On the rare occasions that believers from different churches DO come together it is usually for “fellowship” such as a pastors meeting or a preaching conference at a larger ministry.
Fellowship is fine and fellowship is appropriate, but fellowship does not get the work of the Lord done. “Working” gets the work of the Lord done. The Bible speaks much about the work and labor that is connected to our responsibility as believers.
“Therefore, my beloved brethren, be ye stedfast, unmoveable, always abounding in the work of the Lord, forasmuch as ye know that your labour is not in vain in the Lord.” (1Corinthians 15:58)
In our appreciation and application of independence we have formed a long list of reasons that we do not work together—some are significant, but most are trivial. Sadly, the independent movement has become fragmented into many smaller groups. These groups generally do not even fellowship together, much less work together.
Yet, 1 Corinthians 3 says we are laborers together with God. I believe we are compelled to work together by:
1. The Scope of Our Assignment
“And he said unto them, Go ye into all the world, and preach the gospel to every creature.” (Mark 16:15)
Jesus commissioned us to take the glorious Gospel of salvation to all the world. Today that is almost 7 billion souls. Most have never heard the message of Christ. One single local church will never accomplish the goal. Working together, striving together, pulling together we can reach the world in the name of Jesus.
2. The Singular Focus of Our Message
“For other foundation can no man lay than that is laid, which is Jesus Christ.” (1 Corinthians 3:11)
There is a singular focus to our message: it’s Jesus! What the world needs is JESUS. What your county and your city needs is Jesus! We are compelled to work together by the message of salvation found only in Jesus Christ.
3. The Principles of Scripture
“For while one saith, I am of Paul; and another, I am of Apollos; are ye not carnal? Who then is Paul, and who is Apollos, but ministers by whom ye believed, even as the Lord gave to every man? I have planted, Apollos watered; but God gave the increase.” (1 Corinthians 3:4–6)
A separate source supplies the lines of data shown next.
(* Let $N=\{1,\dots,n\}$ with $n\ge 2$ and $\mathcal{D}=\mathbb{R}^n_+$. A rule $R:\mathcal{D}\to\mathbb{R}^n_+$ satisfies scale invariance, downstream impartiality, upstream invariance, and equal treatment of equal source inflows if and only if it is a compromise rule, i.e. there exists $\lambda\in[0,1]$ such that for each $e\in\mathcal{D}$, $R(e)=\lambda R^{NT}(e)+(1-\lambda)R^{EFT}(e)$.
   Context: Agents $1,\dots,n$ are located along a linear river, lower index meaning more upstream; agent $i$ has river inflow $e_i\ge 0$, and $e=(e_1,\dots,e_n)\in\mathcal{D}=\mathbb{R}^n_+$. An allocation for $e$ is $x\in\mathbb{R}^n_+$ with $\sum_{i=1}^n x_i=\sum_{i=1}^n e_i$ and $\sum_{i=1}^k x_i\le\sum_{i=1}^k e_i$ for each $k=1,\dots,n-1$. A rule is a map $R:\mathcal{D}\to\mathbb{R}^n_+$ assigning to each $e$ an allocation $R(e)$ for $e$. No-transfer rule: $R^{NT}_i(e)=e_i$ for all $i$. Egalitarian full-transfer rule: $R^{EFT}_i(e)=\sum_{j<i}\frac{e_j}{n-j}$ for $i=1,\dots,n-1$ (so $R^{EFT}_1(e)=0$), and $R^{EFT}_n(e)=\sum_{j<n}\frac{e_j}{n-j}+e_n$. For $e\in\mathcal{D}$ with $e_k>0$ for some $k\le n-1$, its source is $s(e)=\min\{k\in\{1,\dots,n-1\}:e_k>0\}$. Axioms: Scale invariance: for each $e\in\mathcal{D}$ and each $\gamma\in\mathbb{R}_+$, $R(\gamma e)=\gamma R(e)$. Upstream invariance: for each $e,e'\in\mathcal{D}$ such that $e_i<e'_i$ for some $i\in N$ and $e_j=e'_j$ for all $j\ne i$, we have $R_k(e)=R_k(e')$ for each $k<i$. Downstream impartiality: for each $e,e'\in\mathcal{D}$ such that $e_i<e'_i$ for some $i\in N$ and $e_j=e'_j$ for all $j\ne i$, and for each $k,l>i$ with $e_k=e_l$, we have $R_k(e')-R_k(e)=R_l(e')-R_l(e)$. Equal treatment of equal source inflows: for each $e,e'\in\mathcal{D}$ (with sources defined) such that $e_{s(e)}=e'_{s(e')}$, $R_{s(e)}(e)=R_{s(e')}(e')$. *)

From HB Require Import structures.
From mathcomp Require Import all_boot all_order all_algebra.
From mathcomp Require Import reals.
Set Implicit Arguments. Unset Strict Implicit. Unset Printing Implicit Defensive.
Import Order.TTheory GRing.Theory Num.Theory.
Local Open Scope ring_scope.

(* Agents are 'I_n; ordinal i (0-based) is agent i+1 of the paper.
   Lower index = more upstream. *)

Section River.
Variables (R : realType) (n : nat).

Definition profile := 'I_n -> R.

Definition in_D (e : profile) : Prop := forall i, 0 <= e i.

Definition allocation (e x : profile) : Prop :=
  [/\ forall i, 0 <= x i,
      \sum_(i < n) x i = \sum_(i < n) e i &
      forall k : nat, (1 <= k <= n.-1)%N ->
        \sum_(i < n | (i < k)%N) x i <= \sum_(i < n | (i < k)%N) e i].

(* A rule assigns to every e in D an allocation for e (values off D are irrelevant). *)
Definition is_rule (F : profile -> profile) : Prop :=
  forall e, in_D e -> allocation e (F e).

Definition R_NT (e : profile) : profile := fun i => e i.

(* Egalitarian full-transfer rule.  With 1-based agent j = (val j).+1,
   R_i(e) = sum_{j<i} e_j/(n-j) for i <= n-1, plus e_n for i = n. *)
Definition R_EFT (e : profile) : profile := fun i =>
  \sum_(j < n | (j < i)%N) e j / (n - j.+1)%:R
  + (if val i == n.-1 then e i else 0).

(* k (0-based) is the source s(e): the most upstream agent among agents
   1..n-1 (0-based 0..n-2) with positive inflow. *)
Definition is_source (e : profile) (k : 'I_n) : Prop :=
  [/\ (k < n.-1)%N, 0 < e k & forall j : 'I_n, (j < k)%N -> ~ (0 < e j)].

Definition scale_invariance (F : profile -> profile) : Prop :=
  forall (e : profile) (g : R), in_D e -> 0 <= g ->
    forall i, F (fun j => g * e j) i = g * F e i.

Definition raise_at (e e' : profile) (i : 'I_n) : Prop :=
  e i < e' i /\ forall j, j != i -> e j = e' j.

Definition upstream_invariance (F : profile -> profile) : Prop :=
  forall (e e' : profile) (i : 'I_n), in_D e -> in_D e' -> raise_at e e' i ->
    forall k : 'I_n, (k < i)%N -> F e k = F e' k.

Definition downstream_impartiality (F : profile -> profile) : Prop :=
  forall (e e' : profile) (i : 'I_n), in_D e -> in_D e' -> raise_at e e' i ->
    forall k l : 'I_n, (i < k)%N -> (i < l)%N -> e k = e l ->
      F e' k - F e k = F e' l - F e l.

Definition equal_treatment_source (F : profile -> profile) : Prop :=
  forall (e e' : profile) (k k' : 'I_n), in_D e -> in_D e' ->
    is_source e k -> is_source e' k' -> e k = e' k' -> F e k = F e' k'.

Definition compromise_rule (F : profile -> profile) : Prop :=
  exists lam : R, [/\ 0 <= lam, lam <= 1 &
    forall e, in_D e -> forall i,
      F e i = lam * R_NT e i + (1 - lam) * R_EFT e i].

End River.

(* For sufficiency let [lam] be the share
   that the first agent keeps of a unit inflow of its own; scale invariance and
   equal treatment of sources give [F e k = lam * e k] at every source [k].
   The formula [F e i = lam * e i + (1 - lam) * R_EFT e i] is then proved by
   strong induction on [i].  By upstream invariance [e] may be replaced by the
   profile [r] that agrees with [e] upstream of [i] and equals [e i] from [i]
   on; let [s] be [r] with its upstream inflows set to 0.  Passing from [s] to
   [r] one upstream agent at a time, downstream impartiality keeps [F r - F s]
   constant on the agents from [i] on, and budget balance together with the
   induction hypothesis identifies that constant as [1 - lam] times the water
   that the equal full transfer brings to [i] from upstream.  Finally [s] has
   source [i], so [F s i = lam * e i], unless [i] is the last agent, who
   receives all of [s]. *)

From HB Require Import structures.
From mathcomp Require Import all_boot all_order all_algebra.
From mathcomp Require Import reals ring lra.
From Stdlib Require Import FunctionalExtensionality.
Set Implicit Arguments. Unset Strict Implicit. Unset Printing Implicit Defensive.
Import Order.TTheory GRing.Theory Num.Theory.
Local Open Scope ring_scope.

Section Profiles.
Variables (R : realType) (n : nat).
Implicit Types (e : profile R n) (i j k : 'I_n).

Lemma leq_ord_last j : (j <= n.-1)%N.
Proof. by rewrite -ltnS (ltn_predK (ltn_ord j)). Qed.

Lemma sum_ord_ltS (f : 'I_n -> R) i :
  \sum_(j < n | (j < i.+1)%N) f j = \sum_(j < n | (j < i)%N) f j + f i.
Proof.
rewrite (bigD1 i) ?ltnSn //= addrC; congr (_ + _).
by apply: eq_bigl => j; rewrite ltnS leq_eqVlt -val_eqE; case: ltngtP.
Qed.

Lemma sum_ord_geq_const (m : nat) (c : R) :
  \sum_(j < n | ~~ (j < m)%N) c = (n - m)%:R * c.
Proof.
by rewrite mulr_natl -sumr_const_nat big_geq_mkord;
  apply: eq_bigl => j; rewrite -leqNgt.
Qed.

Definition splice (m : nat) (e e' : profile R n) : profile R n :=
  fun j => if (j < m)%N then e j else e' j.

Lemma in_D_splice m e e' : in_D e -> in_D e' -> in_D (splice m e e').
Proof. by move=> De De' j; rewrite /splice; case: ifP. Qed.

Lemma splice_l m e e' : (forall j, (m <= j)%N -> e' j = e j) -> splice m e e' = e.
Proof.
move=> eq_ee'; apply: functional_extensionality => j; rewrite /splice.
by case: ltnP => // /eq_ee'.
Qed.

Lemma splice_r m e e' : (forall j, (j < m)%N -> e j = e' j) -> splice m e e' = e'.
Proof.
move=> eq_ee'; apply: functional_extensionality => j; rewrite /splice.
by case: ifP => // /eq_ee'.
Qed.

Lemma spliceS_neq (m : 'I_n) j e e' : j != m -> splice m.+1 e e' j = splice m e e' j.
Proof. by rewrite -val_eqE /splice ltnS leq_eqVlt => /negbTE ->. Qed.

Lemma change_at_cases e e' (m : 'I_n) : (forall j, j != m -> e j = e' j) ->
  [\/ e = e', raise_at e e' m | raise_at e' e m].
Proof.
move=> eq_ee'; case: (ltgtP (e m) (e' m)) => [lt_m|gt_m|eq_m].
- by constructor 2.
- by constructor 3; split=> // j /eq_ee'.
- constructor 1; apply: functional_extensionality => j.
  by case: (eqVneq j m) => [->|/eq_ee'].
Qed.

Definition eft_upstream e (k : nat) : R :=
  \sum_(j < n | (j < k)%N) e j / (n - j.+1)%:R.

Lemma eft_upstreamS e i : eft_upstream e i.+1 = eft_upstream e i + e i / (n - i.+1)%:R.
Proof. exact: sum_ord_ltS. Qed.

Lemma eft_upstream_eq e e' (k : nat) :
  (forall j, (j < k)%N -> e j = e' j) -> eft_upstream e k = eft_upstream e' k.
Proof. by move=> eq_ee'; apply: eq_bigr => j /eq_ee' ->. Qed.

Lemma eft_upstream0 e (k : nat) : (forall j, (j < k)%N -> e j = 0) -> eft_upstream e k = 0.
Proof. by move=> e0; rewrite /eft_upstream big1 // => j /e0 ->; rewrite mul0r. Qed.

Lemma R_EFT_upstream e i : (i < n.-1)%N -> R_EFT e i = eft_upstream e i.
Proof. by rewrite /R_EFT ltn_neqAle => /andP[/negbTE -> _]; rewrite addr0. Qed.

(* Under equal full transfer, the inflow upstream of [m] is exactly shared out:
   agent [k < m] gets [eft_upstream e k], each of the [n - m] agents from [m] on
   gets [eft_upstream e m]. *)
Lemma eft_upstream_budget e (m : nat) : (m < n)%N ->
  \sum_(k < n | (k < m)%N) eft_upstream e k + (n - m)%:R * eft_upstream e m
  = \sum_(k < n | (k < m)%N) e k.
Proof.
elim: m => [_|m IHm lt_m1n].
  by rewrite /eft_upstream !big_pred0 // mulr0 addr0.
have lt_mn := ltnW lt_m1n; have := IHm lt_mn.
rewrite (sum_ord_ltS _ (Ordinal lt_mn)) (sum_ord_ltS e (Ordinal lt_mn)).
rewrite (eft_upstreamS e (Ordinal lt_mn)) /= -(subnSK lt_mn) -natr1.
have : (n - m.+1)%:R != 0 :> R by rewrite pnatr_eq0 -lt0n subn_gt0.
move: (n - m.+1)%:R => c nz_c <-.
rewrite mulrDr mulrCA divff // mulr1; ring.
Qed.

Definition R_compromise (lam : R) e : profile R n :=
  fun i => lam * R_NT e i + (1 - lam) * R_EFT e i.

End Profiles.

Section CompromiseRules.
Variables (R : realType) (n : nat) (lam : R) (F : profile R n -> profile R n).
Hypothesis F_compromise : forall e, in_D e -> forall i, F e i = R_compromise lam e i.
Implicit Types (e : profile R n) (i j k : 'I_n).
Clearly the works of Paul and Apollos were different. They attracted different followers who were quick to point out the contrasts. Each group identified themselves by their human leader. BUT, God blessed the effort of both Paul and Apollos. They were working toward the same goal. Paul clarifies the situation (writing as directed by the Holy Spirit). He said that it was not himself or Apollos—it was God’s work and it was God Who gave the increase.
Answering the common objection:
Some may object to working with those who are not exactly like themselves. These folks will say, “The Bible says that we are to contend for the faith. We must fight against those who do not believe like we believe.”
Yes, we are to “contend for the faith.” Jude 3 says, “Beloved, when I gave all diligence to write unto you of the common salvation, it was needful for me to write unto you, and exhort you that ye should earnestly contend for the faith which was once delivered unto the saints.”
However, let us continue to look at the book of Jude to find out who it is that we are to contend with. Jude 4 says, “For there are certain men crept in unawares, who were before of old ordained to this condemnation, ungodly men, turning the grace of our God into lasciviousness, and denying the only Lord God, and our Lord Jesus Christ.”
Jude goes on to compare those (who we are to contend with) to: the angels who rebelled against God with Satan, the whoremongers who inhabited Sodom and Gomorra, and Cain who murdered his brother.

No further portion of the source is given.